Exercise objective: Every line from the first in the listing below to the line containing "Definition exchange_ring (R" is to be repeated exactly, and no line past it.

(Supplied records)

(* Let $R$ be a separative exchange ring in which $2$ is invertible, and let $a\in R$ be such that $a-a^3$ is regular in $R$. If $R(1-a^2)R=Rr(a)=\ell(a)R$, then $a$ is unit-regular.
   Context: All rings are associative with identity; modules are right modules. An element $x\in R$ is regular if $x=xyx$ for some $y\in R$, and unit-regular if $x=xux$ for some unit $u\in R$. $R$ is an exchange ring if for every $x\in R$ there is an idempotent $e\in xR$ with $1-e\in(1-x)R$. $R$ is separative if for all finitely generated projective right $R$-modules $A,B$: $A\oplus A\cong A\oplus B\cong B\oplus B$ implies $A\cong B$. For $a\in R$, $r(a)=\{x\in R: ax=0\}$ and $\ell(a)=\{x\in R: xa=0\}$; $Rr(a)$ and $\ell(a)R$ denote the (two-sided) ideals generated by these sets (sums of products), and $R(1-a^2)R$ the two-sided ideal generated by $1-a^2$. *)

From HB Require Import structures.
From mathcomp Require Import all_boot all_order all_algebra.
Set Implicit Arguments. Unset Strict Implicit. Unset Printing Implicit Defensive.
Import GRing.Theory.
Local Open Scope ring_scope.

Definition is_unit (R : pzRingType) (u : R) : Prop :=
  exists v : R, u * v = 1 /\ v * u = 1.

Definition regular (R : pzRingType) (x : R) : Prop :=
  exists y : R, x = x * y * x.

Definition unit_regular (R : pzRingType) (x : R) : Prop :=
  exists u : R, is_unit u /\ x = x * u * x.

Definition exchange_ring (R : pzRingType) : Prop :=
  forall x : R, exists e : R,
    e * e = e /\ (exists s : R, e = x * s) /\ (exists t : R, 1 - e = (1 - x) * t).

(* Finitely generated projective right R-modules are represented, up to
   isomorphism, by idempotent square matrices E (the module E R^n of columns).
   Hom(E R^n, F R^m) = F M_{m,n} E, so E R^n ~ F R^m iff there are
   X in F M_{m,n} E and Y in E M_{n,m} F with Y X = E and X Y = F. *)
Definition mx_idem (R : pzRingType) (n : nat) (E : 'M[R]_n) : Prop :=
  E *m E = E.

Definition fgp_iso (R : pzRingType) (n m : nat) (E : 'M[R]_n) (F : 'M[R]_m) : Prop :=
  exists (X : 'M[R]_(m, n)) (Y : 'M[R]_(n, m)),
    X = F *m X *m E /\ Y = E *m Y *m F /\ Y *m X = E /\ X *m Y = F.

Definition fgp_sum (R : pzRingType) (n m : nat) (E : 'M[R]_n) (F : 'M[R]_m)
  : 'M[R]_(n + m) := block_mx E 0 0 F.

Definition separative (R : pzRingType) : Prop :=
  forall (n m : nat) (E : 'M[R]_n) (F : 'M[R]_m),
    mx_idem E -> mx_idem F ->
    fgp_iso (fgp_sum E E) (fgp_sum E F) ->
    fgp_iso (fgp_sum E F) (fgp_sum F F) ->
    fgp_iso E F.

Definition rann (R : pzRingType) (a : R) : R -> Prop := fun x => a * x = 0.
Definition lann (R : pzRingType) (a : R) : R -> Prop := fun x => x * a = 0.

Inductive ideal_gen (R : pzRingType) (S : R -> Prop) : R -> Prop :=
  | ig_base x : S x -> ideal_gen S x
  | ig_zero : ideal_gen S 0
  | ig_add x y : ideal_gen S x -> ideal_gen S y -> ideal_gen S (x + y)
  | ig_mull r x : ideal_gen S x -> ideal_gen S (r * x)
  | ig_mulr x r : ideal_gen S x -> ideal_gen S (x * r).

Definition same_ideal (R : pzRingType) (I J : R -> Prop) : Prop :=
  forall x, I x <-> J x.

From HB Require Import structures.
From mathcomp Require Import all_boot all_order all_algebra.
From Stdlib Require Import Setoid Morphisms.
Set Implicit Arguments. Unset Strict Implicit. Unset Printing Implicit Defensive.
Import GRing.Theory.
Local Open Scope ring_scope.
(* Let $\mathcal{L}$ be a nonempty set and $\mathcal{C}: 2^{\mathcal{L}}\to 2^{\mathcal{L}}$ a C-logics. For every $A\subseteq\mathcal{L}$, $\mathcal{C}(A)=\mathrm{Cn}(\mathcal{C}(A))=\mathcal{C}(\mathrm{Cn}(A))$.
   Context: A C-logics is a map $\mathcal{C}: 2^{\mathcal{L}}\to 2^{\mathcal{L}}$ satisfying Inclusion ($A\subseteq\mathcal{C}(A)$) and Cumulativity ($A\subseteq B\subseteq\mathcal{C}(A)\Rightarrow\mathcal{C}(A)=\mathcal{C}(B)$) for all $A,B\subseteq\mathcal{L}$. A theory is a set $T\subseteq\mathcal{L}$ with $\mathcal{C}(T)=T$. $\mathrm{Cn}(A)=\bigcap\{T : T\supseteq A,\ T\text{ a theory}\}$. *)

From mathcomp Require Import all_boot.
From mathcomp Require Import boolp classical_sets.
Local Open Scope classical_set_scope.

Definition inclusion {L : Type} (C : set L -> set L) : Prop :=
  forall A : set L, A `<=` C A.

Definition cumulativity {L : Type} (C : set L -> set L) : Prop :=
  forall A B : set L, A `<=` B -> B `<=` C A -> C A = C B.

Definition C_logics {L : Type} (C : set L -> set L) : Prop :=
  inclusion C /\ cumulativity C.

Definition theory {L : Type} (C : set L -> set L) (T : set L) : Prop :=
  C T = T.

Definition Cn {L : Type} (C : set L -> set L) (A : set L) : set L :=
  \bigcap_(T in [set T | A `<=` T /\ theory C T]) T.

From mathcomp Require Import all_boot.
From mathcomp Require Import boolp classical_sets.
Local Open Scope classical_set_scope.

(* C(A) is a theory containing A, so it contains Cn(A), the least such
   theory; hence A <= Cn(A) <= C(A) and cumulativity gives C(Cn(A)) = C(A).
   Being a theory, C(A) is also its own least theory extension Cn(C(A)). *)

Section ConsequenceOperator.

Variables (L : Type) (C : set L -> set L).

Lemma sub_Cn (A : set L) : A `<=` Cn C A.
Proof. by move=> x Ax T [AT _]; exact: AT. Qed.

Lemma Cn_sub_theory (A T : set L) : A `<=` T -> theory C T -> Cn C A `<=` T.
Proof. by move=> AT thT x; apply; split. Qed.

Lemma Cn_theory (T : set L) : theory C T -> Cn C T = T.
Proof.
by move=> thT; apply/seteqP; split; [exact: Cn_sub_theory | exact: sub_Cn].
Qed.

Hypotheses (C_incl : inclusion C) (C_cumul : cumulativity C).

Lemma theory_C (A : set L) : theory C (C A).
Proof. by rewrite /theory -(C_cumul _ _ (C_incl A)). Qed.

Lemma C_Cn (A : set L) : C (Cn C A) = C A.
Proof.
apply/esym/C_cumul; first exact: sub_Cn.
exact: Cn_sub_theory (C_incl A) (theory_C A).
Qed.

End ConsequenceOperator.

Theorem lemma10 (L : Type) (L_nonempty : inhabited L) (C : set L -> set L)
  (HC : C_logics C) :
  forall A : set L, C A = Cn C (C A) /\ C A = C (Cn C A).
Proof.
move=> A; case: HC => C_incl C_cumul.
split; first by rewrite Cn_theory //; exact: theory_C.
by rewrite C_Cn.
Qed.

(End Supplied records)

Answer to this exercise:
(* Let $R$ be a separative exchange ring in which $2$ is invertible, and let $a\in R$ be such that $a-a^3$ is regular in $R$. If $R(1-a^2)R=Rr(a)=\ell(a)R$, then $a$ is unit-regular.
   Context: All rings are associative with identity; modules are right modules. An element $x\in R$ is regular if $x=xyx$ for some $y\in R$, and unit-regular if $x=xux$ for some unit $u\in R$. $R$ is an exchange ring if for every $x\in R$ there is an idempotent $e\in xR$ with $1-e\in(1-x)R$. $R$ is separative if for all finitely generated projective right $R$-modules $A,B$: $A\oplus A\cong A\oplus B\cong B\oplus B$ implies $A\cong B$. For $a\in R$, $r(a)=\{x\in R: ax=0\}$ and $\ell(a)=\{x\in R: xa=0\}$; $Rr(a)$ and $\ell(a)R$ denote the (two-sided) ideals generated by these sets (sums of products), and $R(1-a^2)R$ the two-sided ideal generated by $1-a^2$. *)

From HB Require Import structures.
From mathcomp Require Import all_boot all_order all_algebra.
Set Implicit Arguments. Unset Strict Implicit. Unset Printing Implicit Defensive.
Import GRing.Theory.
Local Open Scope ring_scope.

Definition is_unit (R : pzRingType) (u : R) : Prop :=
  exists v : R, u * v = 1 /\ v * u = 1.

Definition regular (R : pzRingType) (x : R) : Prop :=
  exists y : R, x = x * y * x.

Definition unit_regular (R : pzRingType) (x : R) : Prop :=
  exists u : R, is_unit u /\ x = x * u * x.

Definition exchange_ring (R : pzRingType) : Prop :=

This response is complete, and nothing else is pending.